- **What you need to do**:
Transcribe each line of the material exactly as it stands.

*** Block opens ***

(* The bi-immune symmetric group $G_{\mathfrak{B}}$ is highly transitive: for every $k \geq 1$ and any two $k$-tuples $(a_1, \dots, a_k)$, $(b_1, \dots, b_k)$ of natural numbers, each with pairwise distinct entries, there exists $\sigma \in G_{\mathfrak{B}}$ with $\sigma(a_i) = b_i$ for $1 \le i \le k$.
   Context: $\mathbb{N}$ denotes the non-negative integers, and $\mathrm{Sym}(\mathbb{N})$ the group of all permutations of $\mathbb{N}$ under composition ($g \circ f$ means apply $f$ first). For $i \in \mathbb{N}$, $\sigma_{(i)}$ is the permutation swapping $i$ and $i+1$ and fixing all other numbers. For $A \subseteq \mathbb{N}$ with increasing enumeration $a_0 < a_1 < \cdots$, define $\sigma_A(x) = \lim_{n \to \infty} (\sigma_{(a_0)} \circ \sigma_{(a_1)} \circ \cdots \circ \sigma_{(a_n)})(x)$ (eventually constant for each $x$). A set $A$ is immune if it is infinite and contains no infinite computably enumerable subset; $A$ is bi-immune if both $A$ and $\mathbb{N} - A$ are immune. For bi-immune $A$, $\sigma_A$ is a permutation of $\mathbb{N}$. The bi-immune symmetric group $G_{\mathfrak{B}}$ is the subgroup of $\mathrm{Sym}(\mathbb{N})$ generated by $\{\sigma_A : A \text{ bi-immune}\}$. *)

From Stdlib Require Import Arith List Lia.
Import ListNotations.

Inductive code : Type :=
| CZero : code
| CSucc : code
| CProj : nat -> code
| CComp : code -> list code -> code
| CPrim : code -> code -> code
| CMu   : code -> code.

Inductive eval : code -> list nat -> nat -> Prop :=
| ev_zero v : eval CZero v 0
| ev_succ x v : eval CSucc (x :: v) (S x)
| ev_proj i v : i < length v -> eval (CProj i) v (nth i v 0)
| ev_comp f gs v ws y : evalL gs v ws -> eval f ws y -> eval (CComp f gs) v y
| ev_prim0 f g v y : eval f v y -> eval (CPrim f g) (0 :: v) y
| ev_primS f g n v z y :
    eval (CPrim f g) (n :: v) z -> eval g (n :: z :: v) y ->
    eval (CPrim f g) (S n :: v) y
| ev_mu f v n :
    eval f (n :: v) 0 ->
    (forall m, m < n -> exists k, eval f (m :: v) (S k)) ->
    eval (CMu f) v n
with evalL : list code -> list nat -> list nat -> Prop :=
| evL_nil v : evalL [] v []
| evL_cons g gs v w ws : eval g v w -> evalL gs v ws -> evalL (g :: gs) v (w :: ws).

Definition ce (W : nat -> Prop) : Prop :=
  exists c : code, forall x, W x <-> exists y, eval c [x] y.

Definition infinite_set (A : nat -> Prop) : Prop :=
  forall n, exists m, n <= m /\ A m.

Definition immune (A : nat -> Prop) : Prop :=
  infinite_set A /\
  ~ (exists W, ce W /\ infinite_set W /\ forall x, W x -> A x).

Definition bi_immune (A : nat -> bool) : Prop :=
  immune (fun x => A x = true) /\ immune (fun x => A x = false).

Definition swap (i x : nat) : nat :=
  if Nat.eqb x i then S i else if Nat.eqb x (S i) then i else x.

(** [partial_comp A N] = sigma_(a_0) o sigma_(a_1) o ... o sigma_(a_j),
    where a_0 < ... < a_j are the elements of A below N. *)
Fixpoint partial_comp (A : nat -> bool) (N : nat) (x : nat) : nat :=
  match N with
  | 0 => x
  | S N' => partial_comp A N' (if A N' then swap N' x else x)
  end.

(** [sigma_lim A x y]: sigma_A(x) = y, i.e. the partial compositions are
    eventually constant with value y at x. *)
Definition sigma_lim (A : nat -> bool) (x y : nat) : Prop :=
  exists N0, forall N, N0 <= N -> partial_comp A N x = y.

(** Membership in the bi-immune symmetric group G_B: finite products of
    generators sigma_A and their inverses, A bi-immune. *)
Inductive inGB : (nat -> nat) -> Prop :=
| GB_id : inGB (fun x => x)
| GB_gen (A : nat -> bool) (s g : nat -> nat) :
    bi_immune A -> (forall x, sigma_lim A x (s x)) -> inGB g ->
    inGB (fun x => s (g x))
| GB_inv (A : nat -> bool) (t g : nat -> nat) :
    bi_immune A -> (forall x, sigma_lim A (t x) x) -> inGB g ->
    inGB (fun x => t (g x)).

(** The generators sigma_A are flexible enough to act as any adjacent
    transposition sigma_(i) on an initial segment {0, ..., M-1}: this happens
    as soon as A agrees with the indicator of {i} below M (and i + 1 < M).
    Such a bi-immune A exists because bi-immunity only depends on the tail of
    A: a diagonal construction against an enumeration (W n) of all c.e. sets
    extends any finite prefix to a set that puts one point of every infinite
    W n inside A and another one outside A.

    The theorem follows by taking M above every entry of both tuples. *)

From Stdlib Require Import Arith List Lia Cantor Classical ClassicalEpsilon.
Import ListNotations.

(** * Enumerating the c.e. sets *)

Definition pair (a b : nat) : nat := Cantor.to_nat (a, b).

Lemma pair_inj a b c d : pair a b = pair c d -> a = c /\ b = d.
Proof.
  intro H. apply (f_equal Cantor.of_nat) in H. unfold pair in H.
  rewrite !Cantor.cancel_of_to in H. now injection H.
Qed.

Fixpoint enc_list (l : list nat) : nat :=
  match l with [] => 0 | x :: l => S (pair x (enc_list l)) end.

Lemma enc_list_inj l1 l2 : enc_list l1 = enc_list l2 -> l1 = l2.
Proof.
  revert l2; induction l1 as [|x l1 IH]; intros [|y l2]; simpl;
    try discriminate; auto.
  intro H; injection H as H; apply pair_inj in H as [-> H]; f_equal; auto.
Qed.

Fixpoint enc (c : code) : nat :=
  match c with
  | CZero => pair 0 0
  | CSucc => pair 1 0
  | CProj i => pair 2 i
  | CComp f gs => pair 3 (pair (enc f) (enc_list (map enc gs)))
  | CPrim f g => pair 4 (pair (enc f) (enc g))
  | CMu f => pair 5 (enc f)
  end.

Definition code_nested_ind (P : code -> Prop) (H0 : P CZero) (H1 : P CSucc)
  (H2 : forall i, P (CProj i))
  (H3 : forall f gs, P f -> Forall P gs -> P (CComp f gs))
  (H4 : forall f g, P f -> P g -> P (CPrim f g))
  (H5 : forall f, P f -> P (CMu f)) : forall c, P c :=
  fix F c := match c with
  | CZero => H0 | CSucc => H1 | CProj i => H2 i
  | CComp f gs => H3 f gs (F f)
      ((fix G l := match l return Forall P l with
        | [] => Forall_nil P | g :: l' => Forall_cons g (F g) (G l') end) gs)
  | CPrim f g => H4 f g (F f) (F g)
  | CMu f => H5 f (F f)
  end.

*** Block closes ***

- **Final answer**:
(* The bi-immune symmetric group $G_{\mathfrak{B}}$ is highly transitive: for every $k \geq 1$ and any two $k$-tuples $(a_1, \dots, a_k)$, $(b_1, \dots, b_k)$ of natural numbers, each with pairwise distinct entries, there exists $\sigma \in G_{\mathfrak{B}}$ with $\sigma(a_i) = b_i$ for $1 \le i \le k$.
   Context: $\mathbb{N}$ denotes the non-negative integers, and $\mathrm{Sym}(\mathbb{N})$ the group of all permutations of $\mathbb{N}$ under composition ($g \circ f$ means apply $f$ first). For $i \in \mathbb{N}$, $\sigma_{(i)}$ is the permutation swapping $i$ and $i+1$ and fixing all other numbers. For $A \subseteq \mathbb{N}$ with increasing enumeration $a_0 < a_1 < \cdots$, define $\sigma_A(x) = \lim_{n \to \infty} (\sigma_{(a_0)} \circ \sigma_{(a_1)} \circ \cdots \circ \sigma_{(a_n)})(x)$ (eventually constant for each $x$). A set $A$ is immune if it is infinite and contains no infinite computably enumerable subset; $A$ is bi-immune if both $A$ and $\mathbb{N} - A$ are immune. For bi-immune $A$, $\sigma_A$ is a permutation of $\mathbb{N}$. The bi-immune symmetric group $G_{\mathfrak{B}}$ is the subgroup of $\mathrm{Sym}(\mathbb{N})$ generated by $\{\sigma_A : A \text{ bi-immune}\}$. *)

From Stdlib Require Import Arith List Lia.
Import ListNotations.

Inductive code : Type :=
| CZero : code
| CSucc : code
| CProj : nat -> code
| CComp : code -> list code -> code
| CPrim : code -> code -> code
| CMu   : code -> code.

Inductive eval : code -> list nat -> nat -> Prop :=
| ev_zero v : eval CZero v 0
| ev_succ x v : eval CSucc (x :: v) (S x)
| ev_proj i v : i < length v -> eval (CProj i) v (nth i v 0)
| ev_comp f gs v ws y : evalL gs v ws -> eval f ws y -> eval (CComp f gs) v y
| ev_prim0 f g v y : eval f v y -> eval (CPrim f g) (0 :: v) y
| ev_primS f g n v z y :
    eval (CPrim f g) (n :: v) z -> eval g (n :: z :: v) y ->
    eval (CPrim f g) (S n :: v) y
| ev_mu f v n :
    eval f (n :: v) 0 ->
    (forall m, m < n -> exists k, eval f (m :: v) (S k)) ->
    eval (CMu f) v n
with evalL : list code -> list nat -> list nat -> Prop :=
| evL_nil v : evalL [] v []
| evL_cons g gs v w ws : eval g v w -> evalL gs v ws -> evalL (g :: gs) v (w :: ws).

Definition ce (W : nat -> Prop) : Prop :=
  exists c : code, forall x, W x <-> exists y, eval c [x] y.

Definition infinite_set (A : nat -> Prop) : Prop :=
  forall n, exists m, n <= m /\ A m.

Definition immune (A : nat -> Prop) : Prop :=
  infinite_set A /\
  ~ (exists W, ce W /\ infinite_set W /\ forall x, W x -> A x).

Definition bi_immune (A : nat -> bool) : Prop :=
  immune (fun x => A x = true) /\ immune (fun x => A x = false).

Definition swap (i x : nat) : nat :=
  if Nat.eqb x i then S i else if Nat.eqb x (S i) then i else x.

(** [partial_comp A N] = sigma_(a_0) o sigma_(a_1) o ... o sigma_(a_j),
    where a_0 < ... < a_j are the elements of A below N. *)
Fixpoint partial_comp (A : nat -> bool) (N : nat) (x : nat) : nat :=
  match N with
  | 0 => x
  | S N' => partial_comp A N' (if A N' then swap N' x else x)
  end.

(** [sigma_lim A x y]: sigma_A(x) = y, i.e. the partial compositions are
    eventually constant with value y at x. *)
Definition sigma_lim (A : nat -> bool) (x y : nat) : Prop :=
  exists N0, forall N, N0 <= N -> partial_comp A N x = y.

(** Membership in the bi-immune symmetric group G_B: finite products of
    generators sigma_A and their inverses, A bi-immune. *)
Inductive inGB : (nat -> nat) -> Prop :=
| GB_id : inGB (fun x => x)
| GB_gen (A : nat -> bool) (s g : nat -> nat) :
    bi_immune A -> (forall x, sigma_lim A x (s x)) -> inGB g ->
    inGB (fun x => s (g x))
| GB_inv (A : nat -> bool) (t g : nat -> nat) :
    bi_immune A -> (forall x, sigma_lim A (t x) x) -> inGB g ->
    inGB (fun x => t (g x)).

(** The generators sigma_A are flexible enough to act as any adjacent
    transposition sigma_(i) on an initial segment {0, ..., M-1}: this happens
    as soon as A agrees with the indicator of {i} below M (and i + 1 < M).
    Such a bi-immune A exists because bi-immunity only depends on the tail of
    A: a diagonal construction against an enumeration (W n) of all c.e. sets
    extends any finite prefix to a set that puts one point of every infinite
    W n inside A and another one outside A.

    The theorem follows by taking M above every entry of both tuples. *)

From Stdlib Require Import Arith List Lia Cantor Classical ClassicalEpsilon.
Import ListNotations.

(** * Enumerating the c.e. sets *)

Definition pair (a b : nat) : nat := Cantor.to_nat (a, b).

Lemma pair_inj a b c d : pair a b = pair c d -> a = c /\ b = d.
Proof.
  intro H. apply (f_equal Cantor.of_nat) in H. unfold pair in H.
  rewrite !Cantor.cancel_of_to in H. now injection H.
Qed.

Fixpoint enc_list (l : list nat) : nat :=
  match l with [] => 0 | x :: l => S (pair x (enc_list l)) end.

Lemma enc_list_inj l1 l2 : enc_list l1 = enc_list l2 -> l1 = l2.
Proof.
  revert l2; induction l1 as [|x l1 IH]; intros [|y l2]; simpl;
    try discriminate; auto.
  intro H; injection H as H; apply pair_inj in H as [-> H]; f_equal; auto.
Qed.

Fixpoint enc (c : code) : nat :=
  match c with
  | CZero => pair 0 0
  | CSucc => pair 1 0
  | CProj i => pair 2 i
  | CComp f gs => pair 3 (pair (enc f) (enc_list (map enc gs)))
  | CPrim f g => pair 4 (pair (enc f) (enc g))
  | CMu f => pair 5 (enc f)
  end.

Definition code_nested_ind (P : code -> Prop) (H0 : P CZero) (H1 : P CSucc)
  (H2 : forall i, P (CProj i))
  (H3 : forall f gs, P f -> Forall P gs -> P (CComp f gs))
  (H4 : forall f g, P f -> P g -> P (CPrim f g))
  (H5 : forall f, P f -> P (CMu f)) : forall c, P c :=
  fix F c := match c with
  | CZero => H0 | CSucc => H1 | CProj i => H2 i
  | CComp f gs => H3 f gs (F f)
      ((fix G l := match l return Forall P l with
        | [] => Forall_nil P | g :: l' => Forall_cons g (F g) (G l') end) gs)
  | CPrim f g => H4 f g (F f) (F g)
  | CMu f => H5 f (F f)
  end.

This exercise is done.